▸ Dataset records
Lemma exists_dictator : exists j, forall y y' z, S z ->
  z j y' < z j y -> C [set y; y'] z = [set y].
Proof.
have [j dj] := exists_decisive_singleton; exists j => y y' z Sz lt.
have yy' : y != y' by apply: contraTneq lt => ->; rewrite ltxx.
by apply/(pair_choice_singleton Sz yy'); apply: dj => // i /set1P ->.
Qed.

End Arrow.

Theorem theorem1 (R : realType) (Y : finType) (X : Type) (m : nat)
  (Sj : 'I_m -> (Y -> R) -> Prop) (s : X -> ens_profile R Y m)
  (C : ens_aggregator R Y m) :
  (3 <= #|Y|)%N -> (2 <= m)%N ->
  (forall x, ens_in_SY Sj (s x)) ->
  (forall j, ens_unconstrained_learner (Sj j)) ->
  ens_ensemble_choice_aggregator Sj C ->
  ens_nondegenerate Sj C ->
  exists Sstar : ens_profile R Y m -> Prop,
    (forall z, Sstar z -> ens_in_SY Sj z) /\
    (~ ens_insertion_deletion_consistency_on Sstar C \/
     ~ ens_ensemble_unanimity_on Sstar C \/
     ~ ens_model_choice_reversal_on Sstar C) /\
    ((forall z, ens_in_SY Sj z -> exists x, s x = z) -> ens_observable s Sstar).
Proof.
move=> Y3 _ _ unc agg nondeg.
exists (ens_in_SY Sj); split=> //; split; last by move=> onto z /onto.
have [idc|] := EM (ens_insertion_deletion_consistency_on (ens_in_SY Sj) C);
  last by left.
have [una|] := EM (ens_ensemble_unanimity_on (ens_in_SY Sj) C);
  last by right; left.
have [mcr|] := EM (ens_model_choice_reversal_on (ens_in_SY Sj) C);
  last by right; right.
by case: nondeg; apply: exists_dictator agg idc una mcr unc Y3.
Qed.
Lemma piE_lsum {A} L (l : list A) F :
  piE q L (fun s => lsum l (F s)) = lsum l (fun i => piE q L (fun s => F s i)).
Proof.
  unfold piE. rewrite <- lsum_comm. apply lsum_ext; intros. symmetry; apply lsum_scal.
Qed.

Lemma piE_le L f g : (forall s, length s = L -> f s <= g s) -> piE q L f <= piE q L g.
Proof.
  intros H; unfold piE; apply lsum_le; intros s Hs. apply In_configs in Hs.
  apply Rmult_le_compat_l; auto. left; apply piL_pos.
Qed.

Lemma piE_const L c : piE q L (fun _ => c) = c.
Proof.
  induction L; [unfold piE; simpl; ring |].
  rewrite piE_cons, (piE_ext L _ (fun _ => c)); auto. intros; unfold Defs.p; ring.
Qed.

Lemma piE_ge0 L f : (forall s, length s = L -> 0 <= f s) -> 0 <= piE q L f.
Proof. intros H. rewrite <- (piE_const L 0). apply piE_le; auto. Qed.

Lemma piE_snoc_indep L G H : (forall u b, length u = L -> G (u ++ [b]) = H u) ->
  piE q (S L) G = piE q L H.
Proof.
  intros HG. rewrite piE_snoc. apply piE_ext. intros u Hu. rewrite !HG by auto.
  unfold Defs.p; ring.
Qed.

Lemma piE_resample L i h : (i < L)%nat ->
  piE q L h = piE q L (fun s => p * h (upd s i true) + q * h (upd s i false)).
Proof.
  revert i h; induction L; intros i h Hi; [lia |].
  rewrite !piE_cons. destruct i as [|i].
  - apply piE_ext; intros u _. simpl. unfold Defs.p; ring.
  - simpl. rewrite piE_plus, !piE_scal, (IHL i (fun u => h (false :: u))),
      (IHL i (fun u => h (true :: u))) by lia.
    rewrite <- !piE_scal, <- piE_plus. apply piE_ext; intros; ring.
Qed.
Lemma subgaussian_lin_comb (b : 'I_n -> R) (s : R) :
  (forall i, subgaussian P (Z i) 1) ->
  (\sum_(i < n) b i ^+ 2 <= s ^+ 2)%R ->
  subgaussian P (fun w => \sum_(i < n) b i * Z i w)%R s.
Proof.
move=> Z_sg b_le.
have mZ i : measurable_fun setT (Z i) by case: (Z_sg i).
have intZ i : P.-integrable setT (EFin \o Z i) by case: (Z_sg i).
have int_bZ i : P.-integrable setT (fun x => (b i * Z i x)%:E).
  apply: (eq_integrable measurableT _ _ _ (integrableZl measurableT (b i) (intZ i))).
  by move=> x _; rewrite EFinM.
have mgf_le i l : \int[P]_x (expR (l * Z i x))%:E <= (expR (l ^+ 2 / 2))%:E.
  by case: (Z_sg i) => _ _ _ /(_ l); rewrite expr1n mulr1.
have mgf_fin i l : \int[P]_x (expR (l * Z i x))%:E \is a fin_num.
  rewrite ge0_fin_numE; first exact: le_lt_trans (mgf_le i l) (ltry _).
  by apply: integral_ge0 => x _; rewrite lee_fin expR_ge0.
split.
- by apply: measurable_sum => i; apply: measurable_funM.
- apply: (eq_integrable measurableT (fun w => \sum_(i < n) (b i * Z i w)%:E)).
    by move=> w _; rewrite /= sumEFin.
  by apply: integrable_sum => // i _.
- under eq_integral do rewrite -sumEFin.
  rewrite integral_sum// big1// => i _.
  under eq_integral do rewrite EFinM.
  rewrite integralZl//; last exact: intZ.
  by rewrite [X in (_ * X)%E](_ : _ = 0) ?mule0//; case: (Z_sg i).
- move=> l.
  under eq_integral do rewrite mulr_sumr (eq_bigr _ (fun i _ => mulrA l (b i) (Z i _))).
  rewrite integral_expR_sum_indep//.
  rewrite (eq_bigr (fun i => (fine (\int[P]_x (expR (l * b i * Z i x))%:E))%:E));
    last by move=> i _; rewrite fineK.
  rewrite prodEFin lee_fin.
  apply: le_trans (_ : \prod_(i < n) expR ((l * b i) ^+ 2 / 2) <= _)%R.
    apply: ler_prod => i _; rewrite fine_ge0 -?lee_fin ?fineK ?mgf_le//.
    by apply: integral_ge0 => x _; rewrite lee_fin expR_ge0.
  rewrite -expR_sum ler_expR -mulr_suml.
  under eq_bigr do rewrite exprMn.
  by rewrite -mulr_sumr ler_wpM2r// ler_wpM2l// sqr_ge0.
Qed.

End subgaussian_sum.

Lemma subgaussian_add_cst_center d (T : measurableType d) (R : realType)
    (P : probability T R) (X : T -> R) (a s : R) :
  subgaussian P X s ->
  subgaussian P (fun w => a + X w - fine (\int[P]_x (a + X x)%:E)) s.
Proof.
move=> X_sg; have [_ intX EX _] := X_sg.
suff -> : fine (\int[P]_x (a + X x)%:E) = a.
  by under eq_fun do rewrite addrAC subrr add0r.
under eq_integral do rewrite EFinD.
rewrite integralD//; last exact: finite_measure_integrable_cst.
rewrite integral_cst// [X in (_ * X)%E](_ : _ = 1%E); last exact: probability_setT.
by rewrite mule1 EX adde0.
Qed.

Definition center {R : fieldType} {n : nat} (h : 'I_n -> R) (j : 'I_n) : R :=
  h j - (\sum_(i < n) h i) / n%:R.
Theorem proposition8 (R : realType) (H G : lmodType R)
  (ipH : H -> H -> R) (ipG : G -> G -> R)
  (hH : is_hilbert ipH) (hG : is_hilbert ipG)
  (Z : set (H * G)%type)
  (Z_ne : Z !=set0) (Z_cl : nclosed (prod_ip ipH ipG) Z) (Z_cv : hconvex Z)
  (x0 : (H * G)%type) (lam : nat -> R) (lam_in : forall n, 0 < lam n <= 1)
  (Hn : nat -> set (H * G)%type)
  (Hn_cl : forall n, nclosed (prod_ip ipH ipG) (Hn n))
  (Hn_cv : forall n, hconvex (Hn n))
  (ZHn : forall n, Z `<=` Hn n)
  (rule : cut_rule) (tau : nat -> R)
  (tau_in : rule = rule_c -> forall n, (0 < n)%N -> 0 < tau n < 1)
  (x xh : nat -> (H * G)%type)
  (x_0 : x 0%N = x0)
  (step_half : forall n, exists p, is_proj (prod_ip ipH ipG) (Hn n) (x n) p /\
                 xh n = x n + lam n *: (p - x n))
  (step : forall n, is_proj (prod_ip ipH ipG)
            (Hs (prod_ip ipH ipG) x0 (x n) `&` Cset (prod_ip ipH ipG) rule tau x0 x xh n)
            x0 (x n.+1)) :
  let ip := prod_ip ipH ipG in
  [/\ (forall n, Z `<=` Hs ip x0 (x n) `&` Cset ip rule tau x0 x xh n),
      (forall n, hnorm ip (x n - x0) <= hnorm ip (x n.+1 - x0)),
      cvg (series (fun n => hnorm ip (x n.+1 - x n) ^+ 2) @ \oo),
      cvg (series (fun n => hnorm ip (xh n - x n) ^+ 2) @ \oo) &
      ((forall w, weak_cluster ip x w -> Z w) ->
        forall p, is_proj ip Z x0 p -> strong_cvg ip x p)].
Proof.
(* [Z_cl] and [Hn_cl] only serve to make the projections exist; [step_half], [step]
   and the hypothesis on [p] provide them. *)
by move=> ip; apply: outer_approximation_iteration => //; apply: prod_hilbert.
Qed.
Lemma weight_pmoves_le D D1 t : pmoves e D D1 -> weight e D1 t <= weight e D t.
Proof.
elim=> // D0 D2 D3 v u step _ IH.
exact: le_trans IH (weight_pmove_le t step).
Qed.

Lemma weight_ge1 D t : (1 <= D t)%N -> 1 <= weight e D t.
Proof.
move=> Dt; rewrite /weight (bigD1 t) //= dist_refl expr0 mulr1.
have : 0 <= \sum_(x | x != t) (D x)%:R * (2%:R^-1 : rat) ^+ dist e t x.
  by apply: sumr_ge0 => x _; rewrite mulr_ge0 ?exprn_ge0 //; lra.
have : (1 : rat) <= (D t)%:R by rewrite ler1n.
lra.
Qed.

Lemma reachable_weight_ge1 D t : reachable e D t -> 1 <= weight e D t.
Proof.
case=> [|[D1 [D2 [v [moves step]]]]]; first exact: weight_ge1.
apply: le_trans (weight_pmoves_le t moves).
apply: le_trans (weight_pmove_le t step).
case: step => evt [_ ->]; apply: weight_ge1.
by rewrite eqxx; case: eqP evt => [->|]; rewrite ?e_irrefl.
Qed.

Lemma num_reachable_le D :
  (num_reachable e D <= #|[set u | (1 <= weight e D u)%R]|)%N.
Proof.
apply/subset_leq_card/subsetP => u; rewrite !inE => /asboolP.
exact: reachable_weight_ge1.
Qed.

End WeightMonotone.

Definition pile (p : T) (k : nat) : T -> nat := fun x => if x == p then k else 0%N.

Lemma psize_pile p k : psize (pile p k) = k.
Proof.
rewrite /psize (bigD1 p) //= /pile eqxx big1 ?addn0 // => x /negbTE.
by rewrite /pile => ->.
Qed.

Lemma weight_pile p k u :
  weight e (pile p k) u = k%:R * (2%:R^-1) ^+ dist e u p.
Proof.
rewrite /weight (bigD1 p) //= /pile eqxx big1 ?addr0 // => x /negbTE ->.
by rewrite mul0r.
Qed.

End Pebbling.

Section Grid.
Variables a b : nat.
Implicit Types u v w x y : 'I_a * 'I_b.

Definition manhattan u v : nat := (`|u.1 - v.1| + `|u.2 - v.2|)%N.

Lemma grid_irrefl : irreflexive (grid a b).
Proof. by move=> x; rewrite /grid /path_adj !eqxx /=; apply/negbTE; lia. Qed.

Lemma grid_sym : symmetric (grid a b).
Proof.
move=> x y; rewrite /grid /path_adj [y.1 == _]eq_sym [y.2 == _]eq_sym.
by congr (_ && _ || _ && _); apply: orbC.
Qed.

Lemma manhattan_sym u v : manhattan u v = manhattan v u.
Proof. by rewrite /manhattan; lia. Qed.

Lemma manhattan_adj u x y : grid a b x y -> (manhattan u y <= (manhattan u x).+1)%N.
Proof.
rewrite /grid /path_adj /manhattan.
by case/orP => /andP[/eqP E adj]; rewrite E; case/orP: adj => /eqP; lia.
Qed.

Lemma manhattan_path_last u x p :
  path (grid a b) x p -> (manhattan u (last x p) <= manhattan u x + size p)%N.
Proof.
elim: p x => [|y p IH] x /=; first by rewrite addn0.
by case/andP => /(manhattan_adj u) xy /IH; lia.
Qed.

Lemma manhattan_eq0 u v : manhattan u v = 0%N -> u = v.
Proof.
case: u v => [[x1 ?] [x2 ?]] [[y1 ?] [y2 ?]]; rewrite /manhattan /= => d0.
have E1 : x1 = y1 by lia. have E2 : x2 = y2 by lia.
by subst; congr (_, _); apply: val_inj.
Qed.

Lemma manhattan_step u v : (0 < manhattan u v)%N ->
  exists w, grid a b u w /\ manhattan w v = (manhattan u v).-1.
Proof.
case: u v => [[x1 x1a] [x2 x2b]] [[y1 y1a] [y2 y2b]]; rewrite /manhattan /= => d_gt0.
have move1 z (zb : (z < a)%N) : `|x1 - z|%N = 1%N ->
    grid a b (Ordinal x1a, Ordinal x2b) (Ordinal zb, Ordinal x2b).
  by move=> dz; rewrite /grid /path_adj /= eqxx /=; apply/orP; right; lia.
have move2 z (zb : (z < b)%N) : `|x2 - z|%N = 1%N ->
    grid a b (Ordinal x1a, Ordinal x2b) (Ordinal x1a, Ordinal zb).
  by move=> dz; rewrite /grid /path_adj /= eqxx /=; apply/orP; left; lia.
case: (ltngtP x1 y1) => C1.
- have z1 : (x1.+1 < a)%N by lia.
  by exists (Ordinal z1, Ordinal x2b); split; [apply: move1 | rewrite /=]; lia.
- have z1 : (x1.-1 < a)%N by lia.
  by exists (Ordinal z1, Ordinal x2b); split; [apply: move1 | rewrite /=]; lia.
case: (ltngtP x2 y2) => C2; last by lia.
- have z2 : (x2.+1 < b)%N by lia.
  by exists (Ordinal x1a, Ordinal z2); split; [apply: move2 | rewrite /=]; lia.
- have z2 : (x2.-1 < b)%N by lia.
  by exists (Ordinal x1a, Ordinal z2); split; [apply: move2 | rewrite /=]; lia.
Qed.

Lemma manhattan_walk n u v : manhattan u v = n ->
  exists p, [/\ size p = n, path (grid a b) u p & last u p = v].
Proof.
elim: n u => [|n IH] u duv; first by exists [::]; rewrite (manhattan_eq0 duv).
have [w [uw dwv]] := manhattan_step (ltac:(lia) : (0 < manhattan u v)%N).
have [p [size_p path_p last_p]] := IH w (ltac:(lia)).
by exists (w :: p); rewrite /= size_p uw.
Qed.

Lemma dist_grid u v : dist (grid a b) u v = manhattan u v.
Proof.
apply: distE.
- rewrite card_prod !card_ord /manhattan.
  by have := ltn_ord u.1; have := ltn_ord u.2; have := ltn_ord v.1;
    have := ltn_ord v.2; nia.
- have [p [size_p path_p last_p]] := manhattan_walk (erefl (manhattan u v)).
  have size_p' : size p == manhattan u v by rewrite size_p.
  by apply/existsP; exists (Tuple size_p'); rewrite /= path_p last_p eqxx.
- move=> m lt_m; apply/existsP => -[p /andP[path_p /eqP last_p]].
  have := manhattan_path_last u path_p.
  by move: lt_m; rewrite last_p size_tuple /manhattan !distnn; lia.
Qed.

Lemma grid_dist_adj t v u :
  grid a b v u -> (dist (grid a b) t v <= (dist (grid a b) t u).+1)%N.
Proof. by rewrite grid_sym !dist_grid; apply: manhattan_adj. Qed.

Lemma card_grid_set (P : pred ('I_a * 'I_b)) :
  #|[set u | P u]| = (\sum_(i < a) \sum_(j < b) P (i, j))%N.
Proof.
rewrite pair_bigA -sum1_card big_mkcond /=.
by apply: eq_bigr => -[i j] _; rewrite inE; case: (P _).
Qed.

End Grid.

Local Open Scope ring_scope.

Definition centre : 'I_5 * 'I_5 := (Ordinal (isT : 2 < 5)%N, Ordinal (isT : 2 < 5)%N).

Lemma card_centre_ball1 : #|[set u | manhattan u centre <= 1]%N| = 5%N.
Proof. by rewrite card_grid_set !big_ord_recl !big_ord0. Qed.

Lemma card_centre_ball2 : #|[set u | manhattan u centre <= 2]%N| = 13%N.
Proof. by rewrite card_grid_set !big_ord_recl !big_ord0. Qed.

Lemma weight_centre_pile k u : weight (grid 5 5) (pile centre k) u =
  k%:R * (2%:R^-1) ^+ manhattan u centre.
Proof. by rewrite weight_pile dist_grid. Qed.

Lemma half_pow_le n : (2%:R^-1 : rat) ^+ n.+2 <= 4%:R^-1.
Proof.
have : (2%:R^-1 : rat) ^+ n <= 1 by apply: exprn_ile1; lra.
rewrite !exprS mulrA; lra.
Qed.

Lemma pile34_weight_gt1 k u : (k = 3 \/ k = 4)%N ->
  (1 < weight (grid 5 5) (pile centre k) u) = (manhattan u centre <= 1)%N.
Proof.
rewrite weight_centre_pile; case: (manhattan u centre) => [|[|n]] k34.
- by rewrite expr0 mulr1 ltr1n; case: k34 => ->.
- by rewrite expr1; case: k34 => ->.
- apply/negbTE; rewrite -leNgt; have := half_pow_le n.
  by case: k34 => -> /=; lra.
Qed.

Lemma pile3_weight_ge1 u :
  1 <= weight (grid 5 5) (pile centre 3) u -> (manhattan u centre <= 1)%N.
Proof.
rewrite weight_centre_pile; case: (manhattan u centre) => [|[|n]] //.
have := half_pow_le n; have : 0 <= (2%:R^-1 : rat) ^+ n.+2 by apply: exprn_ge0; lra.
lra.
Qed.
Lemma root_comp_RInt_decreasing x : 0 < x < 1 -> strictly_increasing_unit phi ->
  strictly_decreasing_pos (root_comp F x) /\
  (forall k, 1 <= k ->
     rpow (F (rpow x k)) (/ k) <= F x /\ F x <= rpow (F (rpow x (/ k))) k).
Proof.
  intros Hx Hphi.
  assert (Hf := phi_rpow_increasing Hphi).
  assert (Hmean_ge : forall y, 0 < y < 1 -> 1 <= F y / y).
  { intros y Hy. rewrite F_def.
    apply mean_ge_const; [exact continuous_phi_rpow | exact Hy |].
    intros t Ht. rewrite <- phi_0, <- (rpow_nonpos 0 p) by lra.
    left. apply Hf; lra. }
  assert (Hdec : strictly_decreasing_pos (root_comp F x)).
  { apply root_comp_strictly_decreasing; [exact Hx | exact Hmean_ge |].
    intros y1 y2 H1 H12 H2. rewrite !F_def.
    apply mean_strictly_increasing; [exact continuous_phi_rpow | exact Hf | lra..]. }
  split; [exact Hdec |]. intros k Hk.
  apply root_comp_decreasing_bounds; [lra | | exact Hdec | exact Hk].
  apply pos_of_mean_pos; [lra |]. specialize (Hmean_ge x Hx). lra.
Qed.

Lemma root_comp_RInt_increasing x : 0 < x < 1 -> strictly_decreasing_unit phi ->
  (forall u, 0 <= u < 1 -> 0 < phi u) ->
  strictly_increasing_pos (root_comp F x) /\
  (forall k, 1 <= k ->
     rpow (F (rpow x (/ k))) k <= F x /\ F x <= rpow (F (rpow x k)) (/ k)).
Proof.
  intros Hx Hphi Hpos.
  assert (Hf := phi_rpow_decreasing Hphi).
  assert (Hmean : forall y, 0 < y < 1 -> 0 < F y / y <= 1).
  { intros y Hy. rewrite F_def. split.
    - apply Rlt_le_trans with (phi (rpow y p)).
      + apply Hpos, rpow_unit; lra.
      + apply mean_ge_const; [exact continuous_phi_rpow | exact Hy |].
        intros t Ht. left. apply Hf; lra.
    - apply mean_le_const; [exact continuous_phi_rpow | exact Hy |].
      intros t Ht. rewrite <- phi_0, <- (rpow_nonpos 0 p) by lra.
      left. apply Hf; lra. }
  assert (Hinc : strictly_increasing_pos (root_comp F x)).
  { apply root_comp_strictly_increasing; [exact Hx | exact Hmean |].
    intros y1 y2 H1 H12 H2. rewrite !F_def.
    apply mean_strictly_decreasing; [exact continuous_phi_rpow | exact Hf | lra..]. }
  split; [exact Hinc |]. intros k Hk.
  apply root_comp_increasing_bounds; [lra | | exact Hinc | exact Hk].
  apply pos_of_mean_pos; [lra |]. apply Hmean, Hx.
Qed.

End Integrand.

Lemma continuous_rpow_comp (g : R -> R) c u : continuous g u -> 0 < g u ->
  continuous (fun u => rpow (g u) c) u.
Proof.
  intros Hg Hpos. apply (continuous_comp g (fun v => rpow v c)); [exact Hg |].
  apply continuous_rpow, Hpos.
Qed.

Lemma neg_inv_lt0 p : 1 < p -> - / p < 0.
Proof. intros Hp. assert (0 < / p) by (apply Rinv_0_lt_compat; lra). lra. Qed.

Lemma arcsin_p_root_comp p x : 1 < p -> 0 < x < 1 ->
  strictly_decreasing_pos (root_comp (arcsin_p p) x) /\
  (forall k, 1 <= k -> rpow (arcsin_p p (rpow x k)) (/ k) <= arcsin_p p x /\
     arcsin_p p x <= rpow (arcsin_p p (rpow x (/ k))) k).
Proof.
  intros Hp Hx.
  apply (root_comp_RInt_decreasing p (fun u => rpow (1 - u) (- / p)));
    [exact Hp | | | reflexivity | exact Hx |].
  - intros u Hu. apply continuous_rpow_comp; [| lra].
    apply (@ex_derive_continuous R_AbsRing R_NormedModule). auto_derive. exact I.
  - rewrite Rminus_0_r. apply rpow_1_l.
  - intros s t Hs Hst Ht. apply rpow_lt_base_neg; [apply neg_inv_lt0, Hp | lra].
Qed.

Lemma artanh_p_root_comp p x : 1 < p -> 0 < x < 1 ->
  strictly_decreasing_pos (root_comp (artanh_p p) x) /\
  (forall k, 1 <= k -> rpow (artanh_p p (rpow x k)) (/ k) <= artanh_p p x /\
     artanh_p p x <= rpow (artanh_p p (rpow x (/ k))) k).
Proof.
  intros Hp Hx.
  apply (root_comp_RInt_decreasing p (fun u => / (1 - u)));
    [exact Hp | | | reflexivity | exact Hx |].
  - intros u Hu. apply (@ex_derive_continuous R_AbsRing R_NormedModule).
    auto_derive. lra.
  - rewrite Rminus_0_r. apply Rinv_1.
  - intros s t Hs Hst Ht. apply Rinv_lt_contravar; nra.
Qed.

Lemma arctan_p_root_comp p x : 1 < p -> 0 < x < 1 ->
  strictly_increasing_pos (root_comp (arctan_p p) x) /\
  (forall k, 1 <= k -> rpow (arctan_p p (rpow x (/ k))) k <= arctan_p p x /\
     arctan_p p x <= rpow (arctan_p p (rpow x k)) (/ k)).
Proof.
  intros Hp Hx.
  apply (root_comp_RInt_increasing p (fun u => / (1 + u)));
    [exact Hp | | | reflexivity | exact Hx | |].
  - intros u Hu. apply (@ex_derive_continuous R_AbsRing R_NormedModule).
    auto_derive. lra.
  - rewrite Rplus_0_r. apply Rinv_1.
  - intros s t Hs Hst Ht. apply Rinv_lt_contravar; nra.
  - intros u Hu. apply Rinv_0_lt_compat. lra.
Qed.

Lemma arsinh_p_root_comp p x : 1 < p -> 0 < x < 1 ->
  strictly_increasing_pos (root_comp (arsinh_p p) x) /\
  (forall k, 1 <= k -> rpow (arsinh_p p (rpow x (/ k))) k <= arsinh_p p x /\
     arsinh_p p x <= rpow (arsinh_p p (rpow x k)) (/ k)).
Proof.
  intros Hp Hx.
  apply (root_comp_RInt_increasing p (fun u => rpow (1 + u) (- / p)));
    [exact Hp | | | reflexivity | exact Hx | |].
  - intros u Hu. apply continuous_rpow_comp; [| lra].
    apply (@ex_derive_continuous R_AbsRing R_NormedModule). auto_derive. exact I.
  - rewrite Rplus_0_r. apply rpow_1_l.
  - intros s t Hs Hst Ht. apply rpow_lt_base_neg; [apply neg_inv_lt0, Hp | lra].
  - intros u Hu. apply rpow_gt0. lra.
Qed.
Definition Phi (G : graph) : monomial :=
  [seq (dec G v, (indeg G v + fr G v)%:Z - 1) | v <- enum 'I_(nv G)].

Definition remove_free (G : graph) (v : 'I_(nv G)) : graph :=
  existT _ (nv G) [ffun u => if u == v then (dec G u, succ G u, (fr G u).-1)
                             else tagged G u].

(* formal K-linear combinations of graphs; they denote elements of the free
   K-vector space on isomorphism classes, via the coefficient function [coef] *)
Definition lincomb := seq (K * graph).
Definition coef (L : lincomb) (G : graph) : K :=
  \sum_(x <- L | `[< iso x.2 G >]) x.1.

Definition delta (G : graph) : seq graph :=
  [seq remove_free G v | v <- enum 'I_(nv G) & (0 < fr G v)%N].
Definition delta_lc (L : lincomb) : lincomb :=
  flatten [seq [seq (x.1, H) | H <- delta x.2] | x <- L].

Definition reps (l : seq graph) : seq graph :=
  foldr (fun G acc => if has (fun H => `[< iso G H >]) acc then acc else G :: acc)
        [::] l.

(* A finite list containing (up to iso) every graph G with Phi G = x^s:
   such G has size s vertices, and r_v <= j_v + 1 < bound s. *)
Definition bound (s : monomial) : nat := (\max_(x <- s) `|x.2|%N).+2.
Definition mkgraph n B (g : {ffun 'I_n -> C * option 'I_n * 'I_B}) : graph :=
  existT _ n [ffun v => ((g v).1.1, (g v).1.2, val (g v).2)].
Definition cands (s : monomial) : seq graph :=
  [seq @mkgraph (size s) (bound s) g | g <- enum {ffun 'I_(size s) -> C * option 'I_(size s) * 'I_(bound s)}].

▸ What you will do
When a line of the entries above contains the word "centre", include it in a tally, then give that tally alone.

▸ Answer space
9